This past March, GAiN’s DART (Disaster Assistance Response Team) visited Turkey to help provide housing, including tents and tiny houses, to those who had lost their homes in the devastating earthquake that occurred in early February. One of the team members named Mitch shared about an encounter she had with a family whose home was completely destroyed:
Tulay is 32 years old and a mother of three gregarious boys. We met the family and a lot of other people because we were about to set up a tent. When we arrived, the boys (aged 9, 10 and 11) were in the middle of an intense football match with questionable rules. Since we had to wait for our work materials to arrive, we joined them.

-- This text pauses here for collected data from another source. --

Lemma eigenvalue_norm_le (F : numFieldType) d (A : 'M[F]_d) (v : 'rV_d) z :
  v != 0 -> v *m A = z *: v -> `|z| <= \sum_i \sum_j `|A i j|.
Proof.
move=> v_neq0 vA.
have v_norm_gt0 : 0 < \sum_j `|v 0 j|.
  have [j vj_neq0] : exists j, v 0 j != 0.
    apply/existsP; apply: contraR v_neq0; rewrite negb_exists => /forallP v0.
    by apply/eqP/rowP => j; move/negPn/eqP: (v0 j) => ->; rewrite mxE.
  by rewrite (bigD1 j) //= ltr_pwDl ?normr_gt0 ?sumr_ge0.
rewrite -(ler_pM2r v_norm_gt0).
have -> : `|z| * \sum_j `|v 0 j| = \sum_j `|(v *m A) 0 j|.
  by rewrite mulr_sumr; apply: eq_bigr => j _; rewrite vA mxE normrM.
apply: (@le_trans _ _ (\sum_j \sum_i `|v 0 i| * `|A i j|)).
  apply: ler_sum => j _; rewrite mxE; apply: (le_trans (ler_norm_sum _ _ _)).
  by apply: ler_sum => i _; rewrite normrM.
rewrite exchange_big mulr_sumr; apply: ler_sum => i _; rewrite -mulr_sumr mulrC.
apply: ler_wpM2r => //; rewrite [leRHS](bigD1 i) //= lerDl.
by do 2!apply: sumr_ge0 => ? _.
Qed.

Section PrimitiveMaps.
Variables (R : realType) (n : nat).
Local Notation C := R[i].
Local Notation MM := 'M[C]_n.+1.

Lemma primitive_cp_adj_spanned (L Ld : MM -> MM) :
  kraus_adj_spanned L Ld -> primitive_cp L -> primitive_cp Ld.
Proof.
move=> [I [J [F [D [LF LdD FD]]]]] [p [W [LW [m [m_gt0 Wspan]]]]].
pose D' (i : 'I_#|J|) := D (enum_val i).
have DD' j : in_span D' (D j) by rewrite -[j]enum_rankK; apply: (in_span_self D').
have WD' i : in_span D' ((W i)^t*).
  apply: in_span_trans (in_span_adj (kraus_in_span LF LW i)) => i'.
  by apply: in_span_trans (FD i') => j; apply: DD'.
exists #|J|, D'; split.
  move=> X; rewrite LdD /kraus_map (reindex (@enum_val J predT)) //.
  by exists (@enum_rank J) => x _; [rewrite enum_valK | rewrite enum_rankK].
exists m; split => // Y; have [c YE] := Wspan (Y^t*).
suff : in_span (fun s : {ffun 'I_m -> 'I_#|J|} => \prod_(i < m) D' (s i)) Y by [].
rewrite -[Y]trmxCK YE adjmx_sum; apply: in_span_sum => s.
by rewrite adjmxZ adjmx_prod; apply/in_spanZ/in_span_prod => i.
Qed.

Lemma primitive_iter_neq0 (L : MM -> MM) j :
  primitive_cp L -> ~ (forall X, iter j L X = 0).
Proof.
move=> [p [W [LW [m [m_gt0 Wspan]]]]] iter0; have {}LW : is_kraus L W := LW.
have [J [G [WG Gprod]]] := iter_kraus_map_products W m.
have Gspan : spanning G := fun X => in_span_trans Gprod (Wspan X).
have [J' [H [GH Hspan]]] := iter_kraus_map_spanning Gspan j.
apply: (kraus_spanning_neq0 GH Hspan) => X.
rewrite -(eq_iter WG) -iterM -(eq_iter LW).
have j_le : (j <= j.+1 * m)%N by rewrite ltnW // leq_pmulr.
rewrite -(subnK j_le) iterD iter0; apply: iter_fix.
by rewrite LW linear0.
Qed.

Lemma kraus_eigenvalue_normc_le (L : MM -> MM) (I : finType) (W : I -> MM) z :
  is_kraus L W -> Defs.eigenvalue_map L z ->
  Normc.normc z <= \sum_i \sum_j Normc.normc (kraus_mx W i j).
Proof.
move=> LW [X [X_neq0 LX]]; rewrite -lecR.
have -> : ((\sum_i \sum_j Normc.normc (kraus_mx W i j))%:C)%C =
          \sum_i \sum_j `|kraus_mx W i j|.
  by rewrite rmorph_sum; apply: eq_bigr => i _; rewrite rmorph_sum.
apply: (@eigenvalue_norm_le _ _ _ (mxvec X)).
  by apply: contra X_neq0 => /eqP X0; rewrite -[X]mxvecK X0 linear0.
by rewrite kraus_mxE mxvecK -LW LX linearZ.
Qed.

Lemma primitive_spectral_radius_gt0 (L : MM -> MM) :
  primitive_cp L -> 0 < spectral_radius L.
Proof.
move=> Lprim; have [p [W [LW _]]] := Lprim; have {}LW : is_kraus L W := LW.
have [z z_neq0 /eigenvalueP [v vA v_neq0]] :
    exists2 z, z != 0 & eigenvalue (kraus_mx W) z.
  have [//|W_nil] := eigenvalue_or_nilpotent (kraus_mx W).
  case: (primitive_iter_neq0 (j := (n.+1 * n.+1)%N) Lprim) => X.
  apply: (can_inj mxvecK); rewrite linear0 (eq_iter LW) -[X]mxvecK.
  by rewrite -kraus_mx_expE W_nil mulmx0.
have Lz : Defs.eigenvalue_map L z.
  exists (vec_mx v); split.
    by apply: contra v_neq0 => /eqP v0; rewrite -[v]vec_mxK v0 linear0.
  by apply: (can_inj mxvecK); rewrite LW -kraus_mxE vA linearZ /= vec_mxK.
rewrite /spectral_radius; set S := (X in sup X).
have S_sup : has_sup S.
  split; first by exists (Normc.normc z), z.
  exists (\sum_i \sum_j Normc.normc (kraus_mx W i j)) => _ [z' [Lz' ->]].
  exact: kraus_eigenvalue_normc_le LW Lz'.
apply: (lt_le_trans _ (sup_upper_bound S_sup (ex_intro _ z (conj Lz erefl)))).
have normc_ge0 : 0 <= Normc.normc z by rewrite -lecR; apply: (normr_ge0 z).
rewrite lt_neqAle normc_ge0 andbT eq_sym.
by apply: contra z_neq0 => /eqP /Normc.eq0_normc ->.
Qed.

End PrimitiveMaps.

Section EnvironmentBlocks.
Variables (R : realType) (n k : nat).
Local Notation C := R[i].
Local Notation MM := 'M[C]_n.+1.
Local Notation KK := 'M[C]_k.+1.
Local Notation BB := 'M[C]_(n.+1 * k.+1).
Local Notation idx := (@mxtens.mxtens_index n.+1 k.+1).

(* The operator <l| Y |a> on the system, for environment basis vectors l, a. *)
Definition env_block (Y : BB) (l a : 'I_k.+1) : MM :=
  \matrix_(i, x) Y (idx (i, l)) (idx (x, a)).

Lemma sum_mxtens_index (F : 'I_(n.+1 * k.+1) -> C) :
  \sum_P F P = \sum_x \sum_a F (idx (x, a)).
Proof.
rewrite (reindex idx) /=; last first.
  exists (@mxtens.mxtens_unindex n.+1 k.+1) => ? _.
    exact: mxtens.mxtens_indexK.
  exact: mxtens.mxtens_unindexK.
by rewrite pair_bigA /=; apply: eq_bigr => -[x a].
Qed.

Lemma kronE (A : MM) (B : KK) i l x a :
  kron A B (idx (i, l)) (idx (x, a)) = A i x * B l a.
Proof. exact: mxtens.tensmxE. Qed.

Lemma kron_mul (A A' : MM) (B B' : KK) :
  kron A B *m kron A' B' = kron (A *m A') (B *m B').
Proof. exact: mxtens.tensmx_mul. Qed.

Lemma adjmx_kron (A : MM) (B : KK) : (kron A B)^t* = kron (A^t*) (B^t*).
Proof. by rewrite /kron mxtens.trmx_tens mxtens.map_mxT. Qed.

Lemma kron1 : kron (1%:M : MM) (1%:M : KK) = 1%:M.
Proof.
apply/matrixP => P Q.
case: (mxtens.mxtens_indexP P) => i l; case: (mxtens.mxtens_indexP Q) => j a.
rewrite kronE !mxE -natrM mulnb.
by rewrite (inj_eq (can_inj (@mxtens.mxtens_indexK _ _))) xpair_eqE.
Qed.

Lemma kron1_mulmxE (B : KK) (Z : BB) i l Q :
  (kron 1%:M B *m Z) (idx (i, l)) Q = \sum_l' B l l' * Z (idx (i, l')) Q.
Proof.
rewrite mxE sum_mxtens_index (bigD1 i) //= [X in _ + X]big1 ?addr0; last first.
  move=> x x_neq; rewrite big1 // => a _.
  by rewrite kronE mxE eq_sym (negbTE x_neq) !mul0r.
by apply: eq_bigr => l' _; rewrite kronE mxE eqxx mul1r.
Qed.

For a moment, the world seemed like a less devastating place as we were running around in the sun, giggling and laughing every time one of the little boys lost his shoe in the dirt.
“I want to team up with you,” one of them said to me through a translator app and immediately his little cousin jumped in and said he wanted to be part of the team too. So we continued kicking a flat ball into a non-existent goal, losing shoes and running into each other.

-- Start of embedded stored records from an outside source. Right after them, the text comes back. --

(* Let $\mathcal{A}\subset\mathbb{R}^n$ be a nonempty compact set, $\Xi\subseteq\mathbb{R}^n$, $V:\mathbb{R}^n\to\mathbb{R}_+$ and $\Psi:\mathbb{R}^n\rightrightarrows\mathbb{R}^n$, and assume one of the following two settings holds: (i) $\Xi$ is nonempty, closed and convex, $\mathcal{A}$ is convex, and $V(y)=\tfrac12\|y-\mathbf{P}_{\mathcal{A}}(y)\|^2$; (ii) $\Xi=\mathbb{R}^n$ and $V$ is continuously differentiable with locally Lipschitz gradient, positive definite and radially unbounded with respect to $\mathcal{A}$. Assume $\Psi$ is SPSP with respect to $V$ on $\Xi$, that for every $y\in\Xi$, $\Psi(y)$ is a singleton $\{s(y)\}$, and that for every $\sigma>0$ there exists $L>0$ such that $\|s(y_1)-s(y_2)\|\le L\|y_1-y_2\|$ for all $y_1,y_2\in\Xi\cap\bar B_\sigma(\mathcal{A})$. Then $\mathcal{A}$ is SPAS for the iterative method $y^+=\mathbf{P}_\Xi[y-\alpha s(y)]$ with parameter $\alpha>0$.
   Context: $\|\cdot\|$ is Euclidean; $\mathbf{P}_S$ is the orthogonal projection onto a nonempty closed convex set $S$. For compact $S$ and $r>0$: $\bar B_r(S)=\{x:\|x-\mathbf{P}_S(x)\|\le r\}$, $B_r(S)=\{x:\|x-\mathbf{P}_S(x)\|<r\}$ (distance to $S$). A function $V$ is positive definite w.r.t. a closed set $S$ if $V=0$ on $S$ and $V>0$ off $S$; it is radially unbounded w.r.t. $S$ (on a set $\Xi$) if for every $B\in\mathbb{R}$ there is $r>0$ with $V(x)>B$ for all $x$ (in $\Xi$) outside $\bar B_r(S)$. SPSP: Let $V:\mathbb{R}^n\to\mathbb{R}_+$ be differentiable, positive definite and radially unbounded w.r.t. compact $\mathcal{A}$, and let $\Xi$ strictly contain $\mathcal{A}$ (every point of $\mathcal{A}$ has an open ball around it contained in $\Xi$). $\Psi$ is semiglobally, practically, strictly pseudogradient (SPSP) w.r.t. $V$ on $\Xi$ if there exist $\epsilon\ge0$, $b\ge0$ such that $\nabla V(y)^Ts\ge -b$ for all $y\in\Xi\cap\bar B_\epsilon(\mathcal{A})$, $s\in\Psi(y)$, and for every $\sigma>\epsilon$ there is a continuous $\phi_{\sigma,\epsilon}:\mathbb{R}^n\to\mathbb{R}$, positive on $\Xi\cap(\bar B_\sigma(\mathcal{A})\setminus B_\epsilon(\mathcal{A}))$ and radially unbounded w.r.t. $\mathcal{A}$ on $\Xi$, with $\nabla V(y)^Ts\ge\phi_{\sigma,\epsilon}(y)$ for all $y\in\Xi\cap(\bar B_\sigma(\mathcal{A})\setminus B_\epsilon(\mathcal{A}))$, $s\in\Psi(y)$. SPAS (for the iteration with parameter $\alpha$; statements below concern every sequence $(y(t))_{t\in\mathbb{N}}$ with $y(0)\in\Xi$, $y(t+1)=\mathbf{P}_\Xi[y(t)-\alpha s(y(t))]$): $\mathcal{A}$ is practically stable if for some $\check\rho_s>0$ and every $\rho_s>\check\rho_s$ there exist $\delta>0$ and a nonempty set $P_s\subset(0,\infty)$ such that whenever $\alpha\in P_s$ and $y(0)\in\bar B_\delta(\mathcal{A})\cap\Xi$, $y(t)\in\bar B_{\rho_s}(\mathcal{A})\cap\Xi$ for all $t$. A compact $S$ is uniformly attractive on compact $\Omega$ if for every $\varepsilon>0$ with $\bar B_\varepsilon(S)\cap\Xi\subset\Omega\cap\Xi$ there is $T\in\mathbb{N}$ such that $y(t)\in\bar B_\varepsilon(S)$ whenever $y(0)\in\Omega$ and $t\ge T$. $\mathcal{A}$ is semiglobally practically attractive if for some $\check\rho_a>0$ and all $\sigma>\rho_a>\check\rho_a$ there is a nonempty $P_a\subset(0,\infty)$ such that whenever $\alpha\in P_a$, $\bar B_{\rho_a}(\mathcal{A})$ is uniformly attractive on $\bar B_\sigma(\mathcal{A})$. $\mathcal{A}$ is SPAS (semiglobally practically asymptotically stable) if it is practically stable and semiglobally practically attractive. *)

From HB Require Import structures.
From mathcomp Require Import all_boot all_order all_algebra.
From mathcomp Require Import all_classical all_reals all_analysis.
Set Implicit Arguments. Unset Strict Implicit. Unset Printing Implicit Defensive.
Import Order.TTheory GRing.Theory Num.Theory.
Import numFieldNormedType.Exports.
Local Open Scope classical_set_scope.
Local Open Scope ring_scope.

When we eventually sat down and shared some freshly baked bread, the family and I started talking. “I was all alone with the kids on the night of the earthquake,” Tulay shared. “Our house got destroyed completely and now we are staying in this tent together with our neighbors.”
When I asked one of the boys where he went to school, he told me that the building was destroyed so there is no school for him to attend right now. I asked him if he liked going to school and he simply stated: “Medium.”
This somehow made me laugh because he was exactly like a 10-year-old boy was supposed to be: playing football and not liking school too much. At the same time, it made me sad to see how drastically the lives of these little boys have changed, and the fact that there was nothing I could do about it.
We sat there for a while, chatting through a translator app and sharing bread with their 7-year-old cousin who would only take a bite if I had one first. My poor Turkish made them laugh. In this small moment of peace and contentment, I hoped they could forget what they had been through — even if it was only for a second.